Ce bras de fer spectaculaire et la défaite encore plus spectaculaire du syndicat annonçait donc une guerre acharnée de l’Etat et des élites économiques contre le monde du travail.

En effet, si on regarde les chiffres des grèves impliquant plus de 1000 travailleurs qui ont eu lieu entre 1947 et 2013 on constate un impressionnant déclin des mouvements au début des années 1980 avec l’arrivée de Ronald Reagan à la présidence. En quelques années la classe ouvrière américaine a ainsi perdu sa meilleure arme pour lutter pour ses droits.

Dans ce cadre, il est également intéressant d’observer les liens entre les mesures de limitation du droit de grève avec la croissance des inégalités. Evidemment, on ne saurait parler de liens de causalité directe, cependant, les chiffres sont pour le moins interpellants. Ainsi, cette courbe est encore plus intéressante si elle est mise en lien avec celle établie par Thomas Piketty et Emmanuel Saez qui compare le taux de syndicalisation aux USA et la part des revenus accaparés par le top 10%.

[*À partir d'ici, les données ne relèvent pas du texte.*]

Lemma gfun_u_sup : exists S, [/\ 0 < S, forall t, 0 <= t -> t <= 1 -> gfun (u t) <= S &
  exists t0, [/\ 0 <= t0, t0 <= 1 & S <= 2 * gfun (u t0)]].
Proof.
pose E := [set gfun (u t) | t in [set t | 0 <= t <= 1]].
have hE : has_sup E.
  split; first by exists (gfun (u 0)), 0; rewrite //= lexx ler01.
  by exists 1 => _ [t /andP[t0 t1] <-]; exact: gfun_le1 (u_in t0 t1).
have gS t : 0 <= t -> t <= 1 -> gfun (u t) <= sup E.
  by move=> t0 t1; apply: sup_upper_bound => //; exists t => //=; rewrite t0 t1.
have S0 : 0 < sup E := lt_le_trans (gfun_gt0 (u_in (lexx 0) ler01)) (gS 0 (lexx 0) ler01).
have [_ [t0 /andP[t00 t01] <-] St0] := sup_adherent (divr_gt0 S0 (ltr0Sn _ 1)) hE.
by exists (sup E); split => //; exists t0; split => //; lra.
Qed.

Lemma gfun_u_lower_bound (S s : R) : 0 <= s -> s <= 1 -> S <= 2 * gfun (u s) ->
  v (1 - sigma) - v sigma <= S / 4 -> forall t, 0 <= t -> t <= 1 -> S / 16 <= gfun (u t).
Proof.
move=> s0 s1 Ss small t t0 t1.
have F0 : 0 <= v (1 - sigma) - v sigma := le_trans (normr_ge0 _) (norm_v_le (lexx 0) ler01).
have close : `|u t - u s| <= gfun (u s) / 2.
  have [ts|st] := lerP t s.
    by rewrite distrC; apply: le_trans (u_lipschitz t0 ts s1) _; nra.
  by apply: le_trans (u_lipschitz s0 (ltW st) t1) _; nra.
have := gfun_ratio (u_in t0 t1) (u_in s0 s1) close; lra.
Qed.

Lemma solution_mu_lower : mu <= 4^-1 -> lam * sigma / 8 <= mu * (1 - 2 * sigma).
Proof.
move=> mu_small; have s0 := sigma_gt0; have s1 := sigma_lt_half; have m0 := mu_gt0.
have [S [S0 gS [t0 [t00 t01 St0]]]] := gfun_u_sup.
have [_ _ fluxS] := flux_le gS.
have small : v (1 - sigma) - v sigma <= S / 4.
  by apply: le_trans fluxS _; rewrite [S / 4]mulrC ler_pM2r //; nra.
have [Al Bl _] := flux_ge (gfun_u_lower_bound t00 t01 St0 small).
have : lam * sigma / 8 * S <= mu * (1 - 2 * sigma) * S by lra.
by rewrite ler_pM2r.
Qed.

Lemma solution_mu_upper : lam * sigma <= 8^-1 -> mu * (1 - 2 * sigma) <= 32 * lam * sigma.
Proof.
move=> lam_small; have s0 := sigma_gt0; have s1 := sigma_lt_half.
have [S [S0 gS [t0 [t00 t01 St0]]]] := gfun_u_sup.
have [As Bs _] := flux_le gS.
have small : v (1 - sigma) - v sigma <= S / 4 by nra.
have [_ _ Ml] := flux_ge (gfun_u_lower_bound t00 t01 St0 small).
have : mu * (1 - 2 * sigma) * S <= 32 * lam * sigma * S by lra.
by rewrite ler_pM2r.
Qed.

End solution.

Lemma is_solution_mu_bounds (R : realType) (sigma lam mu : R) (u : R -> R) :
  0 < sigma -> sigma < 2^-1 -> 0 < lam -> 0 < mu -> is_solution sigma lam mu u ->
  (mu <= 4^-1 -> lam * sigma / 8 <= mu * (1 - 2 * sigma)) /\
  (lam * sigma <= 8^-1 -> mu * (1 - 2 * sigma) <= 32 * lam * sigma).
Proof.
move=> s0 s1 l0 m0 [v [du [_ [vAC [urange [ode [v0 v1]]]]]]].
split; [exact: (solution_mu_lower s0 s1 l0 m0 du urange vAC ode v0 v1) |
        exact: (solution_mu_upper s0 s1 l0 m0 du urange vAC ode v0 v1)].
Qed.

Inégalités et taux de syndicalisation aux USA

C’est au regard de tels chiffres et de tels développements qu’il faut considérer le retour du débat sur le service minimum à propos des services publics et plus spécifiquement de la SNCB. Si la majorité des arguments portent sur la qualité du service offert aux utilisateurs, nous ne pouvons faire abstraction des conséquences en matière d’inégalités que provoquera une limitation juridique de la principale arme de négociation que possède le monde du travail. Limiter le droit de grève, c’est également changer drastiquement le rapport de force social concernant la distribution des richesses. L’exemple de nos voisins en Angleterre ou aux Etats-Unis doit constamment nous le rappeler.